Eleanor quelled her surging disappointment and reasoned that this would be more fitting for a king’s son.

“As long as I may see him from time to time,” she said hopefully.

“Of course,” Henry told her, but his mind was clearly on other things, festering over Becket’s betrayal. He was like a man possessed. She longed to comfort him, but knew very well that he would not welcome it.

“Shall I still get packed?” she asked. “Are we leaving here?”

Henry sighed. His rage was subsiding, now that he had thought of the means to have his revenge. “No. Forget it. I spoke in haste. I’ll go hunting tomorrow, and no doubt I’ll feel better afterward. Then I’ll be able to think clearly and decide what to do next.”

She smiled. “You had better go down and tell them to unload the carts and the sumpter mules.”

“I’ll be popular!” he said with a tired smile as he left her.

The highest in the land had gathered in the barrel-vaulted gloom of Westminster Abbey. Candles flickering in their tall sconces illuminated the faces of the great and the good, here to witness this momentous event. Word had recently come from Rome: the Pope had spoken. Nearly a hundred years after his death, King Edward the Confessor was now officially a saint, and Henry, in honor of his canonization, had built him a glorious shrine. Today, his remains were to be translated to their splendid new resting place, a masterpiece of stone, Purbeck marble, and mosaic, surmounted by an intricately carved wooden canopy.

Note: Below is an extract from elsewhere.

(* Let $\mu_1,\mu_2>0$ with $\mu_1+\mu_2=1$ and $\mu_1\le\mu_2$. Put $$e=\frac{\sqrt{(\mu_1/\mu_2)^4+8(\mu_1/\mu_2)^2}-(\mu_1/\mu_2)^2}{4},\qquad \sigma=\sigma(\mu_1,\mu_2)=-\frac{(1-e^2)(\mu_1^2+\mu_2^2e)^2}{2\mu_2e^2}.$$ Consider the planar orbital dynamics described in the context, started from two intersecting elliptic co-focal Keplerian orbits $o_1,o_2$ with $E<0$. If initially $EL^2<\sigma$, then for every possible evolution (every choice of collision points, impact directions $\mathbf n$ and number of collisions) the orbits remain elliptic for all times. Moreover, along every evolution $|L_1|$ and $|L_2|$ stay bounded and $e_i\le c_i<1$ ($i=1,2$) for suitable constants $c_1,c_2$.
   Context: Units are chosen so that a particle at position $\mathbf x\in\mathbb R^2\setminus\{0\}$ undergoes Keplerian motion about the origin with acceleration $-\mathbf x/|\mathbf x|^3$. For a particle $i$ at position $\mathbf x_i$ with velocity $\mathbf v_i$, its specific energy is $E_i=|\mathbf v_i|^2/2-1/|\mathbf x_i|$, its (signed) specific angular momentum is $L_i=x_{i,1}v_{i,2}-x_{i,2}v_{i,1}$, and its eccentricity is $e_i=\sqrt{1+2E_iL_i^2}$; these are constant along the Keplerian orbit $o_i$ determined by $(\mathbf x_i,\mathbf v_i)$, which is elliptic iff $E_i<0$. Two point particles have masses $m_1,m_2$, $M=m_1+m_2$, $\mu_i=m_i/M$. Set $E=\mu_1E_1+\mu_2E_2$ and $L=\mu_1L_1+\mu_2L_2$. Orbital dynamics: the state is a pair of coplanar Keplerian orbits $o_1,o_2$ with common focus at the origin that intersect. One step: choose a point $\mathbf x$ of $o_1\cap o_2$; let $\mathbf v_1,\mathbf v_2$ be the velocities of particles moving on $o_1,o_2$ when at $\mathbf x$; choose a unit vector $\mathbf n$ with $\mathbf n\cdot\mathbf w<0$ where $\mathbf w=\mathbf v_1-\mathbf v_2$; set $\mathbf w'=(I-\mathbf n\otimes\mathbf n)\mathbf w-(1-2\varepsilon)(\mathbf n\otimes\mathbf n)\mathbf w$ with inelasticity parameter $\varepsilon\in[0,1/2]$ ($\varepsilon=0$: elastic collision), where $(\mathbf n\otimes\mathbf n)\mathbf w=(\mathbf n\cdot\mathbf w)\mathbf n$; with $\mathbf v=\mu_1\mathbf v_1+\mu_2\mathbf v_2$ set $\mathbf v_1'=\mathbf v+\mu_2\mathbf w'$, $\mathbf v_2'=\mathbf v-\mu_1\mathbf w'$. The new orbits $o_1',o_2'$ are the Keplerian orbits through $\mathbf x$ with velocities $\mathbf v_1',\mathbf v_2'$. Steps are iterated arbitrarily. The total $L$ is conserved and $E$ does not increase at each step. *)

From Stdlib Require Import Reals.
From Coquelicot Require Import Coquelicot.
Open Scope R_scope.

The court and all the lords of England, spiritual and temporal, were crammed into the Confessor’s new chapel and its precincts. Eleanor was standing in her place of honor at the front with the King and their children, glad to have her eldest son at her side for once. Young Henry had grown in height and dignity these last years, and now wore his exalted status like a mantle. They had Becket to thank for that, she could not but admit it.

Becket was here too today, which was why the atmosphere in the abbey was so tense. He and Henry had faced each other across the floor of decorated tiles, and the air between them almost crackled with hostility. Yet on the surface, all was genial, with King and Archbishop exchanging the kiss of greeting, and Becket proceeding to conduct the long service with grave dedication, his clever, chiseled face set in a lofty, detached expression.